Aim of the exercise:
Take the data below. Output it exactly from its first line through the line containing "Definition ordered_simplicial_complex (N".
[[ Data extract, beginning ]]
(* A finite ordered simplicial complex in R^N: every simplex is listed by its
   vertices, in increasing order for a strict total order r on the vertex set.
   Faces of an ordered simplex are its nonempty subsequences. *)
Definition is_vertex (N : nat) (K : seq (seq 'rV[R]_N)) (v : 'rV[R]_N) :=
  exists2 s, s \in K & v \in s.

Definition ordered_simplicial_complex (N : nat) (K : seq (seq 'rV[R]_N))
    (r : rel 'rV[R]_N) : Prop :=
  [/\
      forall s, s \in K -> s != [::] /\ aff_indep s,
      forall s t, s \in K -> subseq t s -> t != [::] -> t \in K,
      forall s t, s \in K -> t \in K ->
        (forall x, ~ (conv s x /\ conv t x)) \/
        exists u, [/\ u \in K, subseq u s, subseq u t &
                       forall x, (conv s x /\ conv t x) <-> conv u x],
      (forall v, is_vertex K v -> ~~ r v v) /\
      (forall u v w, is_vertex K u -> is_vertex K v -> is_vertex K w ->
                     r u v -> r v w -> r u w) /\
      (forall u v, is_vertex K u -> is_vertex K v -> u != v -> r u v || r v u)
    &
      forall s, s \in K -> sorted r s].

(* iota(v_j) = (0,...,0,1,...,1) in R^m with j zeros *)
Definition iota_pt (m j : nat) : 'rV[R]_m :=
  \row_(k < m) (if (j <= k)%N then 1 else 0).

(* x is the pullback via iota (for the ordered simplex s) of w in R^m,
   m = dim s: x = sum lam_j v_j, w = sum lam_j iota(v_j), sum lam_j = 1 *)
Definition pullback (N : nat) (s : seq 'rV[R]_N) (w : 'rV[R]_((size s).-1))
    (x : 'rV[R]_N) : Prop :=
  exists lam : 'I_(size s) -> R,
    [/\ \sum_i lam i = 1, x = \sum_i lam i *: s`_i &
        w = \sum_i lam i *: iota_pt (size s).-1 i].

(* j-th vertex (j = 0..m) of the simplex
   a/2^l + 2^-l {0 <= x_{pi 0} <= ... <= x_{pi (m-1)} <= 1}
   of the l-th subdivision of [0,1]^m, a being the corner of a small cube *)
Definition cellv (l m : nat) (a : 'I_m -> 'I_(2 ^ l)) (pi : 'S_m) (j : nat)
    : 'rV[R]_m :=
  \row_(k < m) (((a k)%:R + (if (j <= (pi^-1)%g k)%N then 1 else 0))
                 / (2 ^+ l)).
[[ Data extract, end ]]
Written reply:
(* A finite ordered simplicial complex in R^N: every simplex is listed by its
   vertices, in increasing order for a strict total order r on the vertex set.
   Faces of an ordered simplex are its nonempty subsequences. *)
Definition is_vertex (N : nat) (K : seq (seq 'rV[R]_N)) (v : 'rV[R]_N) :=
  exists2 s, s \in K & v \in s.

Definition ordered_simplicial_complex (N : nat) (K : seq (seq 'rV[R]_N))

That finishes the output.